** Opening Entries provided block **
Lemma Smap_tail j a e : 0 < e -> exists2 Kc, Kfrak Kc & exists2 c, c < e &
  forall x, omega m x -> ~ Kc (pi x) -> pE a (TE m (S u) x) * nu j m x <= c.
Proof.
move=> e0; have [B [C [cB [C0 uB]]]] := in_eps_bound a u_eps.
have d0 : 0 < e / (C + 1) by rewrite divr_gt0 // ltr_wpDl.
have [Kc Kcin small] := FV_compact_equi_vanishing dataK nu_ge0 FV_APpi
  Kfrak_neq0 KfrakU j m cB d0.
exists Kc => //; exists (C * (e / (C + 1))); first exact: mulr_div_addr1_lt.
move=> x mx notK; rewrite mulrC -(ger0_norm (nu_ge0 j mx)).
rewrite -(seminormZ pE_seminorm) -u_evalT //; apply: uB => [|f Bf].
  exact (evalT_dual dataK nu_ge0 j mx).
by apply/ltW/(small _ (imageP _ Bf)).
Qed.

Lemma Smap_precompact j :
  precompact pE [set nu j m x *: TE m (S u) x | x in omega m].
Proof.
move=> n as_ e e0.
have [a [C [C0 dom]]] := directed_family_finite pE_seminorm pE_directed a0 n as_.
have [B [D [cB [D0 uB]]]] := in_eps_bound a u_eps.
pose eta := e / C / (D + 1).
have eta0 : 0 < eta by rewrite !divr_gt0 // ltr_wpDl.
have [t [tS tnet]] :=
  FV_compact_equi_totally_bounded dataK nu_ge0 FV_APpi j m cB eta0.
pose zs := List.map (fun y => u (evalT j m y)) t.
exists (length zs), (fun k => List.nth k zs 0) => _ [x mx <-].
have [y ty close] := tnet x mx.
have [k [kN nthk]] := List.In_nth zs _ 0 (List.in_map _ _ _ ty).
exists k; rewrite nthk; split=> [|i ilt]; first exact/ssrnat.ltP.
have dx := evalT_dual dataK nu_ge0 j mx.
have dy := evalT_dual dataK nu_ge0 j (tS y ty).
rewrite -u_evalT // -in_epsB // (le_lt_trans (dom i ilt _)) //.
rewrite -ltr_pdivlMl // mulrC.
apply: le_lt_trans (uB _ eta (in_FVdualB dx dy) _) (mulr_div_addr1_lt D0 _).
  by move=> f Bf; apply/ltW/(close _ (imageP _ Bf)).
by rewrite divr_gt0.
Qed.

End SmapEstimates.

Lemma Smap_APpi u : eps u ->
  (forall m, domTE m (S u) /\
     forall x, omega m x -> TE m (S u) x = u (TKx m x)) ->
  APpi omega nu pE domTE TE pi Kfrak (S u).
Proof.
move=> hu TS; split=> [m|e e0 j m a]; first by case: (TS m).
have [Kc Kcin [c ce tail]] := Smap_tail hu (TS m).2 j a e0.
exists Kc; split=> //; split; first by exists c.
move=> n as_ e' e'0; have [N [z net]] := Smap_precompact hu (TS m).2 j n as_ e'0.
by exists N, z => _ [x [mx [_ ->]]]; apply: net; exists x.
Qed.

Lemma in_dual_comp_APpi (e' : E -> K) (f : Omega -> E) : in_dual pE e' ->
  (forall m, domTK m (e' \o f) /\
     forall x, omega m x -> TK m (e' \o f) x = e' (TE m f x)) ->
  APpi omega nu pE domTE TE pi Kfrak f ->
  APpi omega nu (@pK K) domTK TK pi Kfrak (e' \o f).
Proof.
move=> e'd Te' [_ apf].
have [a [D [D0 e'le]]] := in_dual_bound pE_seminorm pE_directed a0 e'd.
split=> [m|e e0 j m []]; first by case: (Te' m).
have d0 : 0 < e / (D + 1) by rewrite divr_gt0 // ltr_wpDl.
have [Kc [Kcin [[c [cd tail]] pc]]] := apf _ d0 j m a.
have e'T x :
    omega m x -> nu j m x *: TK m (e' \o f) x = e' (nu j m x *: TE m f x).
  by move=> mx; rewrite (proj2 (Te' m)) // (in_dualZ _ _ e'd).
exists Kc; split=> //; split.
  exists (D * c); split.
    by rewrite (le_lt_trans _ (mulr_div_addr1_lt D0 e0)) // ler_wpM2l // ltW.
  move=> x mx notK; rewrite -(normr_weightedT TK nu_ge0 j _ mx).
  rewrite [weightedT _ _ _ _ _ _](e'T x mx) (le_trans (e'le _)) // ler_wpM2l //.
  by rewrite (seminormZ pE_seminorm) ger0_norm ?nu_ge0 // mulrC tail.
move=> n as_ e'' e''0.
have d''0 : 0 < e'' / (D + 1) by rewrite divr_gt0 // ltr_wpDl.
have [N [z net]] := pc 1%N (fun _ => a) _ d''0.
exists N, (e' \o z) => _ [x [mx [Kx ->]]].
have [k [kN close]] := net _ (ex_intro _ x (conj mx (conj Kx erefl))).
exists k; split=> // i _; rewrite /pK e'T // -(in_dualB _ _ e'd).
rewrite (le_lt_trans (e'le _)) // (le_lt_trans _ (mulr_div_addr1_lt D0 e''0)) //.
by rewrite ler_wpM2l // ltW // (close 0%N isT).
Qed.

End Transfer.

Theorem proposition4p13
  (* the scalar field K = R or C *)
  (K : numFieldType) (HK : RorC K)
  (* E: non-trivial Hausdorff lcs with directed fundamental system (pE a) *)
  (E : lmodType K) (AE : Type) (pE : AE -> E -> K)
  (HE : seminorm_family pE /\ directed_family pE /\ separating_family pE /\
        exists x : E, x <> 0)
  (* weights *)
  (Omega J M W : Type) (HJ : inhabited J) (HM : inhabited M)
  (omega : M -> set W) (Homega : forall m, exists x, omega m x)
  (nu : J -> M -> W -> K)
  (Hnu0 : forall j m x, omega m x -> 0 <= nu j m x)
  (Hnu : forall m x, omega m x -> exists j, 0 < nu j m x)
  (* Y = K *)
  (APK : set (Omega -> K^o)) (domTK : M -> set (Omega -> K^o))
  (TK : M -> (Omega -> K^o) -> W -> K^o)
  (HdataK : FV_data_ok omega APK domTK TK)
  (* Y = E *)
  (APE : set (Omega -> E)) (domTE : M -> set (Omega -> E))
  (TE : M -> (Omega -> E) -> W -> E)
  (HdataE : FV_data_ok omega APE domTE TE)
  (* generator: FV(Omega) and FV(Omega,E) are dom-spaces *)
  (HdomK : FV_separating omega nu (@pK K) APK domTK TK /\
           FV_directed omega nu (@pK K) APK domTK TK /\
           forall x : Omega, in_FVdual omega nu APK domTK TK
                               (delta omega nu APK domTK TK x))
  (HdomE : FV_separating omega nu pE APE domTE TE /\
           FV_directed omega nu pE APE domTE TE)
  (* X, the family Kfrak closed under finite unions, pi *)
  (X : Type) (Kfrak : set (set X))
  (HKfrak : forall K1 K2, Kfrak K1 -> Kfrak K2 -> Kfrak (K1 `|` K2))
  (pi : W -> X)
  (* FV(Omega,Y) is a linear subspace of AP_{pi,Kfrak}(Omega,Y) *)
  (HAPK : linear_subspace (APpi omega nu (@pK K) domTK TK pi Kfrak) /\
          forall f, inFV omega nu (@pK K) APK domTK TK f ->
                    APpi omega nu (@pK K) domTK TK pi Kfrak f)
  (HAPE : linear_subspace (APpi omega nu pE domTE TE pi Kfrak) /\
          forall f, inFV omega nu pE APE domTE TE f ->
                    APpi omega nu pE domTE TE pi Kfrak f) :
  (* (1) *)
  ((forall u, in_eps omega nu APK domTK TK pE u ->
      forall m, domTE m (Smap omega nu APK domTK TK u) /\
        forall x, omega m x ->
          TE m (Smap omega nu APK domTK TK u) x =
          u (TKx omega nu APK domTK TK m x)) ->
   forall u, in_eps omega nu APK domTK TK pE u ->
     APpi omega nu pE domTE TE pi Kfrak (Smap omega nu APK domTK TK u))
  /\
  (* (2) *)
  ((forall e' : E -> K, in_dual pE e' ->
      forall f, inFV omega nu pE APE domTE TE f ->
      forall m, domTK m (e' \o f) /\
        forall x, omega m x -> TK m (e' \o f) x = e' (TE m f x)) ->
   forall (e' : E -> K) (f : Omega -> E), in_dual pE e' ->
     inFV omega nu pE APE domTE TE f ->
     APpi omega nu (@pK K) domTK TK pi Kfrak (e' \o f)).
Proof.
case: HE => pE_seminorm [pE_directed [pE_separating E_nontrivial]].
have [a0] := separating_inhabited pE_separating E_nontrivial.
have Kfrak_neq0 : exists K0, Kfrak K0.
  case: HJ HM => j0 [m0]; have [_ AP0] := (proj1 HAPK).1.
  by have [K0 [K0in _]] := AP0 1 ltr01 j0 m0 tt; exists K0.
split=> [TS u hu|Te' e' f e'd fFV].
  exact: Smap_APpi a0 HdataK Hnu0 Hnu pE_seminorm pE_directed HAPK.2
    Kfrak_neq0 HKfrak u hu (TS u hu).
exact: in_dual_comp_APpi a0 Hnu0 pE_seminorm pE_directed e' f e'd
  (Te' e' e'd f fFV) (HAPE.2 f fFV).
Qed.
** Closing Entries provided block **
Go through the entries above and tally each line that has the word "HKfrak"; reply with the tally and nothing else.

2